Data excerpts
(* Let $a>b\geq c>d>0$ be real numbers and define $f:\mathbb{R}\to\mathbb{R}$ by $$f(x)=\frac{a^x-b^x}{c^x-d^x}\quad (x\neq 0),\qquad f(0)=\frac{\ln(a/b)}{\ln(c/d)}.$$ Then $f$ is strictly convex on $\mathbb{R}$.
   Context: The value $f(0)$ is the continuous extension of $\frac{a^x-b^x}{c^x-d^x}$ at $x=0$. *)

From Stdlib Require Import Reals Lra.
Open Scope R_scope.

Definition f_abcd (a b c d x : R) : R :=
  if Req_EM_T x 0 then ln (a / b) / ln (c / d)
  else (Rpower a x - Rpower b x) / (Rpower c x - Rpower d x).

Definition strictly_convex (g : R -> R) : Prop :=
  forall x y t : R, x < y -> 0 < t < 1 ->
    g (t * x + (1 - t) * y) < t * g x + (1 - t) * g y.

(* Writing p = ln (a/b), q = ln (c/d), r = ln (b/c) and
     S(y) = (e^y - 1)/y,   T(y) = e^y / S(y) = y e^y / (e^y - 1)   (S(0) = T(0) = 1),
   one has f(x) = (p/q) e^(r x) S(p x) T(q x).  Here p, q > 0 and r >= 0.  Both S and
   T are positive, strictly increasing and convex: away from 0 this is a sign check on
   their first two derivatives, and across 0 convexity survives because the line
   1 + y/2 supports both graphs.  A product of positive, nondecreasing, convex functions
   is convex, since the product of two chords exceeds the chord of the products by
   t (1 - t) (F y - F x) (G y - G x) >= 0; when both factors are strictly increasing
   this gap is positive, which gives strict convexity. *)

From Stdlib Require Import Reals Lra Psatz.
From Coquelicot Require Import Coquelicot.
Open Scope R_scope.

Definition convex (F : R -> R) : Prop :=
  forall x y t : R, x < y -> 0 < t < 1 ->
    F (t * x + (1 - t) * y) <= t * F x + (1 - t) * F y.

Lemma convex_of_supporting_lines (F : R -> R) :
  (forall z, exists m, forall y, F z + m * (y - z) <= F y) -> convex F.
Proof.
  intros Hsupp x y t _ Ht.
  destruct (Hsupp (t * x + (1 - t) * y)) as [m Hm].
  pose proof (Hm x); pose proof (Hm y).
  nra.
Qed.

Lemma convex_comp_scale (F : R -> R) (k : R) :
  0 < k -> convex F -> convex (fun x => F (k * x)).
Proof.
  intros Hk HF x y t Hxy Ht.
  replace (k * (t * x + (1 - t) * y)) with (t * (k * x) + (1 - t) * (k * y)) by ring.
  apply HF; nra.
Qed.

Lemma strict_increasing_comp_scale (F : R -> R) (k : R) :
  0 < k -> strict_increasing F -> strict_increasing (fun x => F (k * x)).
Proof. intros Hk HF x y Hxy; apply HF; nra. Qed.

Lemma increasing_of_strict_increasing (F : R -> R) :
  strict_increasing F -> increasing F.
Proof.
  intros HF x y Hxy; destruct (Req_dec x y) as [->|Hne]; [lra|].
  left; apply HF; lra.
Qed.

Lemma exp_scale_increasing (r : R) : 0 <= r -> increasing (fun x => exp (r * x)).
Proof.
  intros Hr x y Hxy; destruct (Req_dec (r * x) (r * y)) as [->|Hne]; [lra|].
  left; apply exp_increasing; nra.
Qed.

Lemma exp_scale_convex (r : R) : convex (fun x => exp (r * x)).
Proof.
  apply convex_of_supporting_lines; intro z; exists (r * exp (r * z)); intro y.
  pose proof (exp_ineq1_le (r * (y - z))); pose proof (exp_pos (r * z)).
  replace (exp (r * y)) with (exp (r * z) * exp (r * (y - z)))
    by (rewrite <- exp_plus; f_equal; ring).
  nra.
Qed.

Lemma mul_convex_chord_gap (F G : R -> R) (x y t : R) :
  0 < t < 1 -> 0 < F (t * x + (1 - t) * y) -> 0 < G (t * x + (1 - t) * y) ->
  F (t * x + (1 - t) * y) <= t * F x + (1 - t) * F y ->
  G (t * x + (1 - t) * y) <= t * G x + (1 - t) * G y ->
  F (t * x + (1 - t) * y) * G (t * x + (1 - t) * y) <=
    t * (F x * G x) + (1 - t) * (F y * G y)
    - t * (1 - t) * ((F y - F x) * (G y - G x)).
Proof.
  set (z := t * x + (1 - t) * y); intros Ht HFz HGz HF HG.
  apply Rle_trans with ((t * F x + (1 - t) * F y) * G z).
  - apply Rmult_le_compat_r; lra.
  - apply Rle_trans with ((t * F x + (1 - t) * F y) * (t * G x + (1 - t) * G y)).
    + apply Rmult_le_compat_l; lra.
    + right; ring.
Qed.
(* Let $a,b,c,d\in\mathbb{R}^2$ be points such that the segments $ab$ and $cd$ cross at a point $x$. Suppose that $|ab|\ge 2$, $|cd|\ge 2$, $|ax|\le|xb|$, $|cx|\le |xd|$, and $\angle axc\le 1^\circ$. Then $\max\{|ab|,|cd|\}\ge \max\{|ac|,|bd|\}+0.5$.
   Context: $|uv|$ denotes the Euclidean distance between points $u,v$. *)

From Stdlib Require Import Reals Lra.
Open Scope R_scope.

Definition pt := (R * R)%type.

Definition edist (u v : pt) : R :=
  sqrt ((fst u - fst v)^2 + (snd u - snd v)^2).

Definition in_open_seg (x u v : pt) : Prop :=
  exists s : R, 0 < s < 1 /\
    x = ((1 - s) * fst u + s * fst v, (1 - s) * snd u + s * snd v).

(* The segments ab and cd cross at x: x is an interior point of both,
   and the segments are not parallel (so x is their unique common point). *)
Definition segs_cross_at (a b c d x : pt) : Prop :=
  in_open_seg x a b /\ in_open_seg x c d /\
  (fst b - fst a) * (snd d - snd c) - (snd b - snd a) * (fst d - fst c) <> 0.

Definition angle (u x v : pt) : R :=
  acos (((fst u - fst x) * (fst v - fst x) + (snd u - snd x) * (snd v - snd x))
        / (edist u x * edist v x)).

(* Write s = |ax|/|ab| and t = |cx|/|cd|, so that s, t <= 1/2, and let M = max(|ab|, |cd|) >= 2.
   The angles axc and bxd are vertical angles with common cosine k >= cos 1° >= 9/10, so by
   the law of cosines |ac|^2 = p^2 + q^2 - 2kpq with legs p = |ax|, q = |cx| in [0, M/2],
   and |bd|^2 = p^2 + q^2 - 2kpq with legs p = |bx|, q = |dx| in [1, M].  Elementary bounds
   on this quadratic form give |ac|, |bd| <= M - 1/2 in both regimes. *)
From Stdlib Require Import Reals Lra Psatz.
Open Scope R_scope.

Definition vsub (u v : pt) : pt := (fst u - fst v, snd u - snd v).
Definition vscale (l : R) (p : pt) : pt := (l * fst p, l * snd p).
Definition dot (p q : pt) : R := fst p * fst q + snd p * snd q.
Definition norm (p : pt) : R := sqrt (fst p ^ 2 + snd p ^ 2).

Definition cos_angle (u x v : pt) : R :=
  dot (vsub u x) (vsub v x) / (norm (vsub u x) * norm (vsub v x)).

Lemma edist_norm (u v : pt) : edist u v = norm (vsub u v).
Proof. reflexivity. Qed.

Lemma angle_acos (u x v : pt) : angle u x v = acos (cos_angle u x v).
Proof. reflexivity. Qed.

Lemma edist_sym (u v : pt) : edist u v = edist v u.
Proof. unfold edist; f_equal; ring. Qed.

Lemma norm_sq (p : pt) : norm p ^ 2 = dot p p.
Proof.
  unfold norm, dot; rewrite pow2_sqrt by nra; ring.
Qed.

Lemma norm_vscale (l : R) (p : pt) : norm (vscale l p) = Rabs l * norm p.
Proof.
  unfold norm, vscale; cbn [fst snd].
  replace ((l * fst p) ^ 2 + (l * snd p) ^ 2) with (l ^ 2 * (fst p ^ 2 + snd p ^ 2)) by ring.
  rewrite sqrt_mult_alt by nra.
  now rewrite <- sqrt_Rsqr_abs, Rsqr_pow2.
Qed.

Lemma dot_vscale (l m : R) (p q : pt) :
  dot (vscale l p) (vscale m q) = l * m * dot p q.
Proof. unfold dot, vscale; cbn [fst snd]; ring. Qed.

Lemma cos_angle_vscale {u x v p q : pt} {l m : R} :
  vsub u x = vscale l p -> vsub v x = vscale m q -> 0 < l * m ->
  cos_angle u x v = dot p q / (norm p * norm q).
Proof.
  intros Hu Hv Hlm.
  unfold cos_angle; rewrite Hu, Hv, dot_vscale, !norm_vscale.
  replace (Rabs l * norm p * (Rabs m * norm q)) with (l * m * (norm p * norm q))
    by (rewrite <- (Rabs_pos_eq (l * m)), Rabs_mult by lra; ring).
  unfold Rdiv; rewrite Rinv_mult.
  (* Hidden from [field], so that no nonvanishing of the norms is required. *)
  set (inv_norms := / (norm p * norm q)).
  field; split; intros ->; lra.
Qed.

Lemma law_of_cosines (u x v : pt) :
  0 < edist u x -> 0 < edist v x ->
  edist u v ^ 2 = edist u x ^ 2 + edist v x ^ 2
                  - 2 * cos_angle u x v * edist u x * edist v x.
Proof.
  rewrite !edist_norm; intros Hu Hv.
  unfold cos_angle.
  replace (2 * (dot (vsub u x) (vsub v x) / (norm (vsub u x) * norm (vsub v x)))
           * norm (vsub u x) * norm (vsub v x))
    with (2 * dot (vsub u x) (vsub v x)) by (field; lra).
  rewrite !norm_sq; unfold dot, vsub; cbn [fst snd]; ring.
Qed.

Lemma edist_vscale {u x p : pt} {l : R} :
  vsub u x = vscale l p -> edist u x = Rabs l * norm p.
Proof. intros Hu; now rewrite edist_norm, Hu, norm_vscale. Qed.

Lemma open_seg_vsub {x a b : pt} :
  in_open_seg x a b ->
  exists s, 0 < s < 1 /\
    vsub a x = vscale s (vsub a b) /\
    vsub b x = vscale (s - 1) (vsub a b) /\
    edist a x = s * edist a b /\ edist b x = (1 - s) * edist a b.
Proof.
  intros [s [Hs Hx]].
  assert (Hax : vsub a x = vscale s (vsub a b))
    by (rewrite Hx; unfold vsub, vscale; cbn [fst snd]; f_equal; ring).
  assert (Hbx : vsub b x = vscale (s - 1) (vsub a b))
    by (rewrite Hx; unfold vsub, vscale; cbn [fst snd]; f_equal; ring).
  exists s; repeat split; try lra; try assumption.
  - now rewrite (edist_vscale Hax), Rabs_pos_eq by lra.
  - rewrite (edist_vscale Hbx), Rabs_left by lra; rewrite <- edist_norm; ring.
Qed.

Lemma cos_le_of_acos_le (y th : R) : 0 <= th < PI -> acos y <= th -> cos th <= y.
Proof.
  intros Hth Hacos.
  destruct (Rle_dec y (-1)) as [Hy|Hy].
  { unfold acos in Hacos; destruct (Rle_dec y (-1)); [lra | contradiction]. }
  destruct (Rle_dec 1 y) as [Hy'|Hy']; [pose proof (COS_bound th); lra|].
  rewrite <- (cos_acos y) by lra.
  pose proof (acos_bound y).
  apply cos_decr_1; lra.
Qed.

Lemma cos_one_degree_ge : 9 / 10 <= cos (PI / 180).
Proof.
  pose proof PI_4; pose proof PI_RGT_0.
  destruct (cos_bound (PI / 180) 0) as [Hlow _]; [lra | lra |].
  unfold cos_approx, cos_term in Hlow; simpl in Hlow.
  nra.
Qed.

Lemma sq_third_side_le_of_short_legs (m p q k : R) :
  0 <= p <= m -> 0 <= q <= m -> 1 / 2 <= k ->
  p ^ 2 + q ^ 2 - 2 * k * p * q <= m ^ 2.
Proof.
  intros Hp Hq Hk.
  assert (0 <= p * q * (2 * k - 1)) by (apply Rmult_le_pos; nra).
  destruct (Rle_dec p q); nra.
Qed.

Lemma sq_third_side_le_of_long_legs (M p q k : R) :
  1 <= p <= M -> 1 <= q <= M -> 9 / 10 <= k ->
  p ^ 2 + q ^ 2 - 2 * k * p * q <= (M - 1 / 2) ^ 2.
Proof.
  (* For fixed p the form is convex in q, so on [1, p] it peaks at q = 1 or q = p. *)
  assert (Hwlog : forall p q, 1 <= q <= p -> p <= M -> 9 / 10 <= k ->
            p ^ 2 + q ^ 2 - 2 * k * p * q <= (M - 1 / 2) ^ 2).
  { intros p' q' Hq Hp Hk.
    assert (0 <= p' * q' * (k - 9 / 10)) by (apply Rmult_le_pos; nra).
    assert (p' * (1 - 18 / 10 * q') <= q' * (1 - 18 / 10 * q')) by nra.
    nra. }
  intros Hp Hq Hk.
  destruct (Rle_dec q p).
  - apply Hwlog; lra.
  - replace (p ^ 2 + q ^ 2 - 2 * k * p * q) with (q ^ 2 + p ^ 2 - 2 * k * q * p) by ring.
    apply Hwlog; lra.
Qed.

Theorem lemma1 (a b c d x : pt) :
  segs_cross_at a b c d x ->
  edist a b >= 2 -> edist c d >= 2 ->
  edist a x <= edist x b -> edist c x <= edist x d ->
  angle a x c <= PI / 180 ->
  Rmax (edist a b) (edist c d) >= Rmax (edist a c) (edist b d) + 0.5.
Proof.
  intros [Hxab [Hxcd _]] Hab Hcd Hax Hcx Hang.
  destruct (open_seg_vsub Hxab) as [s [Hs [Hxa [Hxb [Eax Ebx]]]]].
  destruct (open_seg_vsub Hxcd) as [t [Ht [Hxc [Hxd [Ecx Edx]]]]].
  rewrite (edist_sym x b), Eax, Ebx in Hax; rewrite (edist_sym x d), Ecx, Edx in Hcx.
  set (k := dot (vsub a b) (vsub c d) / (edist a b * edist c d)).
  assert (Hkac : cos_angle a x c = k) by (apply (cos_angle_vscale Hxa Hxc); nra).
  assert (Hkbd : cos_angle b x d = k) by (apply (cos_angle_vscale Hxb Hxd); nra).
  assert (Hk : 9 / 10 <= k).
  { pose proof cos_one_degree_ge; pose proof PI_RGT_0.
    rewrite angle_acos, Hkac in Hang.
    enough (cos (PI / 180) <= k) by lra.
    apply cos_le_of_acos_le; lra. }
  set (M := Rmax (edist a b) (edist c d)).
  assert (HM : edist a b <= M /\ edist c d <= M) by (split; [apply Rmax_l | apply Rmax_r]).
  assert (Hac : edist a c ^ 2 <= (M - 1 / 2) ^ 2).
  { rewrite (law_of_cosines a x c), Hkac, Eax, Ecx by nra.
    apply Rle_trans with ((M / 2) ^ 2); [|nra].
    apply sq_third_side_le_of_short_legs; nra. }
  assert (Hbd : edist b d ^ 2 <= (M - 1 / 2) ^ 2).
  { rewrite (law_of_cosines b x d), Hkbd, Ebx, Edx by nra.
    apply sq_third_side_le_of_long_legs; nra. }
  assert (0 <= edist a c /\ 0 <= edist b d) by (split; apply sqrt_pos).
  enough (Rmax (edist a c) (edist b d) <= M - 1 / 2) by lra.
  apply Rmax_lub; nra.
Qed.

### WHAT YOU SHOULD DO
In the lines above, find the word "Hkac" and copy every line it occurs in.

### RESPONSE AREA
  assert (Hkac : cos_angle a x c = k) by (apply (cos_angle_vscale Hxa Hxc); nra).
    rewrite angle_acos, Hkac in Hang.
  { rewrite (law_of_cosines a x c), Hkac, Eax, Ecx by nra.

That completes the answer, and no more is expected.